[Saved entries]
● ● ● ● ●
Lemma fiber_subset a b x z : a \subset b -> fiber b z x -> fiber a z x.
Proof. by move=> /subsetP ab xz i /ab; apply: xz. Qed.

Lemma codes_fiber_uniq a x y z :
  codes a y -> codes a z -> fiber a y x -> fiber a z x -> y = z.
Proof.
move=> cy cz xy xz; apply/ffunP => i; case: (boolP (i \in a)) => ia.
  by rewrite -xy // xz.
by rewrite cy // cz.
Qed.

Lemma esum_fibers (R : realType) S a (g : outcome n -> \bar R) :
  (forall x, 0 <= g x)%E ->
  (\esum_(x in S) g x = \esum_(y in codes a) \esum_(x in S `&` fiber a y) g x)%E.
Proof.
move=> g0; rewrite -esum_bigcup_disjoint //; last first.
  by move=> y z x cy cz [_ xy] [_ xz]; exact: (codes_fiber_uniq cy cz xy xz).
congr esum; apply/seteqP; split => [x Sx|x [y _ []] //].
by exists (restrict a x); [exact: restrict_codes | split; last exact: fiber_restrict].
Qed.

End Fibers.

Section EntropyPolymatroid.
Local Open Scope classical_set_scope.
Variables (R : realType) (n : nat) (p : outcome n -> R).
Hypothesis p_ge0 : forall x, 0 <= p x.
Hypothesis p_sum1 : (\esum_(x in [set: outcome n]) (p x)%:E = 1)%E.
Implicit Types (a b A B : {set 'I_n}) (S : set (outcome n)) (x y z u : outcome n).

Lemma esum_pmf_ge0 S : (0 <= \esum_(x in S) (p x)%:E)%E.
Proof. by apply: esum_ge0 => x _; rewrite lee_fin. Qed.

Lemma esum_pmf_le1 S : (\esum_(x in S) (p x)%:E <= 1)%E.
Proof. by rewrite -p_sum1 le_esum_subset // => x; rewrite lee_fin. Qed.

Lemma margE a y : (marg p a y)%:E = (\esum_(x in fiber a y) (p x)%:E)%E.
Proof.
rewrite /marg fineK // ge0_fin_numE ?esum_pmf_ge0 //.
exact: le_lt_trans (esum_pmf_le1 _) (ltry 1).
Qed.

Lemma marg_ge0 a y : 0 <= marg p a y.
Proof. by rewrite -lee_fin margE esum_pmf_ge0. Qed.

Lemma marg_le1 a y : marg p a y <= 1.
Proof. by rewrite -lee_fin margE esum_pmf_le1. Qed.

Lemma marg_fiber a b x z : a \subset b -> fiber b z x -> marg p a x = marg p a z.
Proof.
move=> ab /(fiber_subset ab) xz; apply: EFin_inj; rewrite !margE; congr esum.
by apply/seteqP; split => w /= wx i ia; rewrite wx // xz.
Qed.

Lemma marg_subset a b x : a \subset b -> marg p b x <= marg p a x.
Proof.
move=> ab; rewrite -lee_fin !margE; apply: le_esum_subset => [w|w].
  exact: fiber_subset.
by rewrite lee_fin.
Qed.

Lemma pmf_le_marg a x : p x <= marg p a x.
Proof.
rewrite -lee_fin margE -[leLHS](@esum_set1 _ _ x (fun w => (p w)%:E)) ?lee_fin //.
by apply: le_esum_subset => [w -> //|w]; rewrite lee_fin.
Qed.

Lemma marg_gt0 a x : 0 < p x -> 0 < marg p a x.
Proof. by move=> px; apply: lt_le_trans px (pmf_le_marg a x). Qed.
Lemma katetov_tong g h : normal_space X -> upper_semicontinuous g ->
  lower_semicontinuous h -> (forall x, g x <= h x) ->
  exists2 u, continuous u & forall x, g x <= u x <= h x.
Proof.
move=> nX ug lh gh.
have cgh x : (contract (g x) <= contract (h x))%R by rewrite le_contract.
have cg1 x : (contract (g x) <= 1)%R by have /andP[] := contract_itv (g x).
have ch1 x : (-1 <= contract (h x))%R by have /andP[] := contract_itv (h x).
have [f cf gfh] := katetov_tong_real nX (upper_semicontinuous_contract ug)
  (lower_semicontinuous_contract lh) cgh cg1 ch1.
have f1 x : f x \in [pred r | `|r| <= 1]%R.
  have /andP[? ?] := gfh x; have /andP[? _] := contract_itv (g x).
  have /andP[_ ?] := contract_itv (h x).
  by rewrite inE ler_norml; apply/andP; split; lra.
exists (fun x => expand (f x)).
  move=> x; apply/cvg_ballP => e e0.
  have /cvgrPdist_lt/(_ e e0) := cf x; apply: filterS => y fy.
  by rewrite /ball /= /ereal_ball !expandK.
move=> x; have /andP[gf fh] := gfh x.
by rewrite -[g x]contractK -[h x]contractK !le_expand.
Qed.

End katetov_tong.

Section insertion_on_closed.
Context {R : realType} {X : topologicalType}.
Local Open Scope ereal_scope.
Implicit Types (f g h k : X -> \bar R) (A : set X).

Lemma nbhs_lt_within k A x a : {within A, continuous k} -> A x -> k x < a ->
  \forall y \near x, A y -> k y < a.
Proof.
move=> ck Ax kxa; apply: ((subspace_continuousP _ _).1 ck x Ax [set e | e < a]).
by apply: open_nbhs_nbhs; split => //; exact: open_ereal_lt_ereal.
Qed.

Lemma nbhs_gt_within k A x a : {within A, continuous k} -> A x -> a < k x ->
  \forall y \near x, A y -> a < k y.
Proof.
move=> ck Ax kxa; apply: ((subspace_continuousP _ _).1 ck x Ax [set e | a < e]).
by apply: open_nbhs_nbhs; split => //; exact: open_ereal_gt_ereal.
Qed.

Definition patch A k f x := if `[< A x >] then k x else f x.

Lemma patch_usc A k f : closed A -> {within A, continuous k} ->
  upper_semicontinuous f -> (forall x, A x -> f x <= k x) ->
  upper_semicontinuous (patch A k f).
Proof.
move=> cA ck uf fk x a; rewrite /patch; case: (asboolP (A x)) => Ax pxa.
  have [V nV VP] := uf x a (le_lt_trans (fk x Ax) pxa).
  exists (V `&` [set y | A y -> k y < a%:E]).
    by apply: filterI => //; exact: nbhs_lt_within.
  by move=> y [/VP fya /= kya]; case: asboolP => // /kya.
have [V nV VP] := uf x a pxa; exists (V `&` ~` A).
  apply: filterI => //; apply: open_nbhs_nbhs; split => //.
  exact: closed_openC.
by move=> y [/VP fya /= nAy]; case: asboolP.
Qed.

Lemma patch_lsc A k f : closed A -> {within A, continuous k} ->
  lower_semicontinuous f -> (forall x, A x -> k x <= f x) ->
  lower_semicontinuous (patch A k f).
Proof.
move=> cA ck lf kf x a; rewrite /patch; case: (asboolP (A x)) => Ax pxa.
  have [V nV VP] := lf x a (lt_le_trans pxa (kf x Ax)).
  exists (V `&` [set y | A y -> a%:E < k y]).
    by apply: filterI => //; exact: nbhs_gt_within.
  by move=> y [/VP fya /= kya]; case: asboolP => // /kya.
have [V nV VP] := lf x a pxa; exists (V `&` ~` A).
  apply: filterI => //; apply: open_nbhs_nbhs; split => //.
  exact: closed_openC.
by move=> y [/VP fya /= nAy]; case: asboolP.
Qed.

Lemma insertion_on_closed g h A k : normal_space X -> hahn_pair g h ->
  closed A -> {within A, continuous k} ->
  (forall x, A x -> g x <= k x <= h x) ->
  exists u, [/\ continuous u, forall x, g x <= u x <= h x &
                              forall x, A x -> u x = k x].
Proof.
move=> nX [gh [ug lh]] cA ck gkh.
have gk x : A x -> g x <= k x by case/gkh/andP.
have kh x : A x -> k x <= h x by case/gkh/andP.
have [|u cu ub] :=
  katetov_tong nX (patch_usc cA ck ug gk) (patch_lsc cA ck lh kh).
  by move=> x; rewrite /patch; case: asboolP => [/gkh//|_]; exact: gh.
exists u; split => // x.
  have /andP[] := ub x; rewrite /patch.
  case: asboolP => [/gkh/andP[gkx kxh]|_] gu uh.
    by rewrite (le_trans gkx gu) (le_trans uh kxh).
  by rewrite gu uh.
move=> Ax; have /andP[] := ub x; rewrite /patch; case: asboolP => // _ ku uk.
by apply/le_anti; rewrite ku uk.
Qed.

Lemma sigma_continuous_stable_hahn_pair g h : normal_space X ->
  hahn_pair g h -> sigma_continuous g -> sigma_continuous h ->
  stable_hahn_pair g h.
Proof.
move=> nX gh [Xn [cX [covX cgX]]] [Yn [cY [covY chY]]].
have ggh x : g x <= g x <= h x by rewrite lexx gh.1.
have ghh x : g x <= h x <= h x by rewrite lexx gh.1.
have [U HU] := choice (fun n =>
  insertion_on_closed nX gh (cX n) (cgX n) (fun x _ => ggh x)).
have [V HV] := choice (fun n =>
  insertion_on_closed nX gh (cY n) (chY n) (fun x _ => ghh x)).
apply: (@stable_hahn_pair_interleave _ _ _ _ U V) => [n|n|n x|n x|x|x].
- by have [] := HU n.
- by have [] := HV n.
- by have [_ /(_ x)] := HU n.
- by have [_ /(_ x)] := HV n.
- have [n _ Xx] : (\bigcup_n Xn n) x by rewrite covX.
  by exists n; have [_ _ ->] := HU n.
- have [n _ Yx] : (\bigcup_n Yn n) x by rewrite covY.
  by exists n; have [_ _ ->] := HV n.
Qed.

End insertion_on_closed.

Lemma ptws_continuous {X : topologicalType} {I : Type} {V : topologicalType}
    (f : X -> {ptws I -> V}) :
  (forall i, continuous (fun x => f x i)) -> continuous f.
Proof.
move=> cf x; apply/cvg_sup => i.
have : continuous (f : X -> initial_topology (fun g : I -> V => g i)).
  exact: continuous_comp_initial (cf i).
exact.
Qed.

Section family_topology.
Context {R : realType} {X : topologicalType} {I : countType}
  (F : I -> X -> \bar R).

Definition family_eval (x : X) : {ptws I -> \bar R} := fun i => F i x.
Local Notation XF := (initial_topology family_eval).

(* [{ptws I -> \bar R}] is a countable product of pseudometric spaces. *)
Lemma family_topology_normal : normal_space XF.
Proof. exact: pseudometric_normal. Qed.

Lemma family_topology_continuous i : continuous (F i : XF -> \bar R).
Proof.
move=> x; apply: (@continuous_comp _ _ _ (family_eval : XF -> _) (proj i)).
  exact: initial_continuous.
exact: proj_continuous.
Qed.

Lemma continuous_from_family_topology (u : XF -> \bar R) :
  (forall i, continuous (F i)) -> continuous u -> continuous (u : X -> \bar R).
Proof.
move=> cF cu; have cid : continuous (id : X -> XF).
  by apply: continuous_comp_initial; exact: ptws_continuous.
by move=> x; apply: (@continuous_comp X XF _ id u); [exact: cid|exact: cu].
Qed.

End family_topology.

Lemma countable_first_stable_baire_stable_hahn_pair {R : realType}
    {X : topologicalType} (g h : X -> \bar R) :
  countable_hahn_pair g h -> first_stable_baire g -> first_stable_baire h ->
  stable_hahn_pair g h.
Proof.
move=> [gn [hn [cgn [chn ghn]]]] [gs [cgs gsg]] [hs [chs hsh]].
pose F (i : bool * bool * nat) := match i with
  | (false, false, n) => gn n | (false, true, n) => hn n
  | (true, false, n) => gs n | (true, true, n) => hs n end.
have cF i : continuous (F i).
  by case: i => [[[] []] n]; [exact: chs|exact: cgs|exact: chn|exact: cgn].
pose XF := initial_topology (family_eval F).
have cFXF i : continuous (F i : XF -> \bar R).
  exact: family_topology_continuous.
have cp : @countable_hahn_pair XF R g h.
  exists gn, hn; split; [|split] => // n.
    exact: (cFXF (false, false, n)).
  exact: (cFXF (false, true, n)).
have bg : @first_stable_baire XF R g.
  by exists gs; split => // n; exact: (cFXF (true, false, n)).
have bh : @first_stable_baire XF R h.
  by exists hs; split => // n; exact: (cFXF (true, true, n)).
have nXF : normal_space XF by exact: family_topology_normal.
have [u [cu ugh]] := sigma_continuous_stable_hahn_pair nXF
  (countable_hahn_pair_hahn cp) (first_stable_baire_sigma_continuous bg)
  (first_stable_baire_sigma_continuous bh).
by exists u; split => // n; exact: continuous_from_family_topology (cu n).
Qed.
● ● ● ● ●
- What is being asked -
Above are the records; print exactly the lines from the line with "Proof. exact: pseudometric_normal. Qed." to the line with "by move=> x; apply: (@continuous_comp", including both, and nothing else.

- Reply to the exercise -
Proof. exact: pseudometric_normal. Qed.

Lemma family_topology_continuous i : continuous (F i : XF -> \bar R).
Proof.
move=> x; apply: (@continuous_comp _ _ _ (family_eval : XF -> _) (proj i)).
  exact: initial_continuous.
exact: proj_continuous.
Qed.

Lemma continuous_from_family_topology (u : XF -> \bar R) :
  (forall i, continuous (F i)) -> continuous u -> continuous (u : X -> \bar R).
Proof.
move=> cF cu; have cid : continuous (id : X -> XF).
  by apply: continuous_comp_initial; exact: ptws_continuous.
by move=> x; apply: (@continuous_comp X XF _ id u); [exact: cid|exact: cu].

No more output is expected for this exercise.